- Silver prices depreciate as a widespread selloff in financial markets reduces the metal's safe-haven appeal.
- The non-yielding Silver may strengthen as the Fed is expected to deliver a 50-basis point rate cut in September.
- San Francisco President Mary Daly noted that there is openness to the possibility of cutting rates in upcoming meetings.
Silver price (XAG/USD) remains tepid, trading around $27.20 per troy ounce during the Asian session on Tuesday. Growth concerns in the United States (US) have led to a broad selloff in financial markets, dampening the safe-haven appeal of the metal. Recent disappointing US labor market data has heightened fears that the Federal Reserve may be lagging in preventing an economic downturn.
However, the downside of non-yielding metals like Silver could be restrained due to the expectation of a 50-basis point (bps) interest rate cut by the US Federal Reserve (Fed) in September. The CME FedWatch tool shows a 74.5% probability of this rate cut at the September meeting, up sharply from the 11.4% chance reported just a week ago. Lower yields on investments could drive investors to choose assets with better returns.
According to Reuters, Federal Reserve Bank of San Francisco President Mary Daly expressed increased confidence on Monday that US inflation is moving towards the Fed's 2% target. Daly noted that “risks to the Fed's mandates are becoming more balanced and that there is openness to the possibility of cutting rates in upcoming meetings.”
Additionally, the geopolitical tensions in the Middle East could have provided support for the safe-haven demand of Silver. Israeli airstrike hit two schools and resulting in at least 30 casualties on Sunday, according to Palestinian officials. This escalation follows a round of talks in Cairo that ended without progress, as reported by Reuters.
Israel and the United States are preparing for a potential escalation in the region following Iran and its allies, Hamas and Hezbollah, pledging retaliation against Israel for the killing of a Hamas leader.
Silver FAQs
Silver is a precious metal highly traded among investors. It has been historically used as a store of value and a medium of exchange. Although less popular than Gold, traders may turn to Silver to diversify their investment portfolio, for its intrinsic value or as a potential hedge during high-inflation periods. Investors can buy physical Silver, in coins or in bars, or trade it through vehicles such as Exchange Traded Funds, which track its price on international markets.
Silver prices can move due to a wide range of factors. Geopolitical instability or fears of a deep recession can make Silver price escalate due to its safe-haven status, although to a lesser extent than Gold's. As a yieldless asset, Silver tends to rise with lower interest rates. Its moves also depend on how the US Dollar (USD) behaves as the asset is priced in dollars (XAG/USD).

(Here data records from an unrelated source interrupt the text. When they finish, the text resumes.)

(* Let $K$ be a field (e.g. $K=\mathbb{C}$), let $r\geqslant 0$ be an integer, and let $\{a_0(n)\}_{n\in\mathbb{Z}},\ldots,\{a_r(n)\}_{n\in\mathbb{Z}}$ be arbitrary sequences of elements of $K$. Consider the set $V$ of all sequences $\{x(n)\}_{n\in\mathbb{Z}}$ of elements of $K$ satisfying \[ a_r(n)x(n+r)+\ldots+a_1(n)x(n+1)+a_0(n)x(n)=0\quad\text{for every } n\in\mathbb{Z}; \] $V$ is a $K$-vector space. Then the following are equivalent: (1) $\dim_K V=\infty$; (2) $V$ contains a lacunary sequence.
   Context: For a sequence $\{a(n)\}_{n\in\mathbb{Z}}$, its support is $\operatorname{supp}(\{a(n)\})=\{i\in\mathbb{Z}\mid a(i)\neq 0\}$. Two elements $i<j$ of the support are called consecutive if there is no $k$ in the support with $i<k<j$. A sequence is called lacunary if the differences $j-i$ between consecutive elements $i<j$ of its support can be arbitrarily large, i.e. for every $N$ there exist consecutive elements $i<j$ of the support with $j-i>N$. *)

From HB Require Import structures.
From mathcomp Require Import all_boot all_order all_algebra.
Set Implicit Arguments. Unset Strict Implicit. Unset Printing Implicit Defensive.
Import Order.TTheory GRing.Theory Num.Theory.
Local Open Scope ring_scope.

Definition solves (K : fieldType) (r : nat) (a : 'I_r.+1 -> int -> K)
  (x : int -> K) : Prop :=
  forall n : int, \sum_(i < r.+1) a i n * x (n + (i : nat)%:Z) = 0.

Definition consecutive_supp (K : fieldType) (x : int -> K) (i j : int) : Prop :=
  [/\ i < j, x i != 0, x j != 0 & forall k : int, i < k < j -> x k = 0].

Definition lacunary (K : fieldType) (x : int -> K) : Prop :=
  forall N : nat, exists i j : int,
    consecutive_supp x i j /\ N%:Z < j - i.

Definition lin_indep (K : fieldType) (m : nat) (f : 'I_m -> int -> K) : Prop :=
  forall c : 'I_m -> K,
    (forall n : int, \sum_(k < m) c k * f k n = 0) -> forall k, c k = 0.

(* dim_K V = infinity, for V = the solution space: V contains linearly
   independent families of every finite size. *)
Definition infinite_dim_solutions (K : fieldType) (r : nat)
  (a : 'I_r.+1 -> int -> K) : Prop :=
  forall m : nat, exists f : 'I_m -> int -> K,
    (forall k, solves a (f k)) /\ lin_indep f.

From HB Require Import structures.
From mathcomp Require Import all_boot all_order all_algebra.
From mathcomp Require Import zify.
From Stdlib Require Import Classical IndefiniteDescription.
Set Implicit Arguments. Unset Strict Implicit. Unset Printing Implicit Defensive.
Import Order.TTheory GRing.Theory Num.Theory.
Local Open Scope ring_scope.

(** A solution can be cut off just before a gap of its support longer than
    [r]: the recurrence only relates [r + 1] consecutive terms, so the
    truncation is again a solution.  Cutting a lacunary solution at infinitely
    many such gaps gives infinitely many independent solutions.

    Conversely, finitely many independent solutions are already independent
    on a finite window [|n| <= T]: the kernels of the evaluation maps on
    growing windows form a decreasing chain of subspaces, which stabilises.
    Among [2L + 2r + 1] of them there is a combination vanishing for [|n| < L]
    and for [T < |n| <= T + r] but not on the window; truncated to the window
    it is a nonzero solution supported in the annulus [L <= |n| <= T].  The
    sum of such solutions supported in ever more distant annuli is lacunary. *)

Lemma nonincreasing_stationary (u : nat -> nat) :
  (forall i j, (i <= j)%N -> (u j <= u i)%N) ->
  exists i, forall j, (i <= j)%N -> u j = u i.
Proof.
move=> u_dec.
suff: forall d i, (u i <= d)%N -> exists i, forall j, (i <= j)%N -> u j = u i.
  by move/(_ (u 0%N) 0%N (leqnn _)).
elim=> [|d IHd] i ud.
  by exists i => j ij; have := u_dec _ _ ij; lia.
case: (classic (forall j, (i <= j)%N -> u j = u i)) => [stat|].
  by exists i.
move=> /not_all_ex_not [j /(imply_to_and (i <= j)%N) [ij uj]].
by apply: (IHd j); have := u_dec _ _ ij; lia.
Qed.

Lemma last_supp_le (K : fieldType) (x : int -> K) (s b : int) :
  s <= b -> x s != 0 ->
  exists i, [/\ s <= i <= b, x i != 0 & forall k, i < k <= b -> x k = 0].
Proof.
move=> sb xs.
have xs' : x (b - `|b - s|%N%:Z) != 0 by rewrite (_ : b - _ = s) //; lia.
have ex_d : exists d : nat, x (b - d%:Z) != 0 by exists `|b - s|%N.
case: (ex_minnP ex_d) => d xd dmin.
exists (b - d%:Z); split=> //; first by have := dmin _ xs'; lia.
move=> k /andP[lt_k le_k]; apply/eqP; apply: contraTT lt_k => xk.
have := dmin `|b - k|%N; rewrite (_ : b - _ = k); last by lia.
by move/(_ xk); lia.
Qed.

A strong Dollar tends to keep the price of Silver at bay, whereas a weaker Dollar is likely to propel prices up. Other factors such as investment demand, mining supply – Silver is much more abundant than Gold – and recycling rates can also affect prices.
Silver is widely used in industry, particularly in sectors such as electronics or solar energy, as it has one of the highest electric conductivity of all metals – more than Copper and Gold. A surge in demand can increase prices, while a decline tends to lower them. Dynamics in the US, Chinese and Indian economies can also contribute to price swings: for the US and particularly China, their big industrial sectors use Silver in various processes; in India, consumers’ demand for the precious metal for jewellery also plays a key role in setting prices.
Silver prices tend to follow Gold's moves. When Gold prices rise, Silver typically follows suit, as their status as safe-haven assets is similar. The Gold/Silver ratio, which shows the number of ounces of Silver needed to equal the value of one ounce of Gold, may help to determine the relative valuation between both metals. Some investors may consider a high ratio as an indicator that Silver is undervalued, or Gold is overvalued. On the contrary, a low ratio might suggest that Gold is undervalued relative to Silver.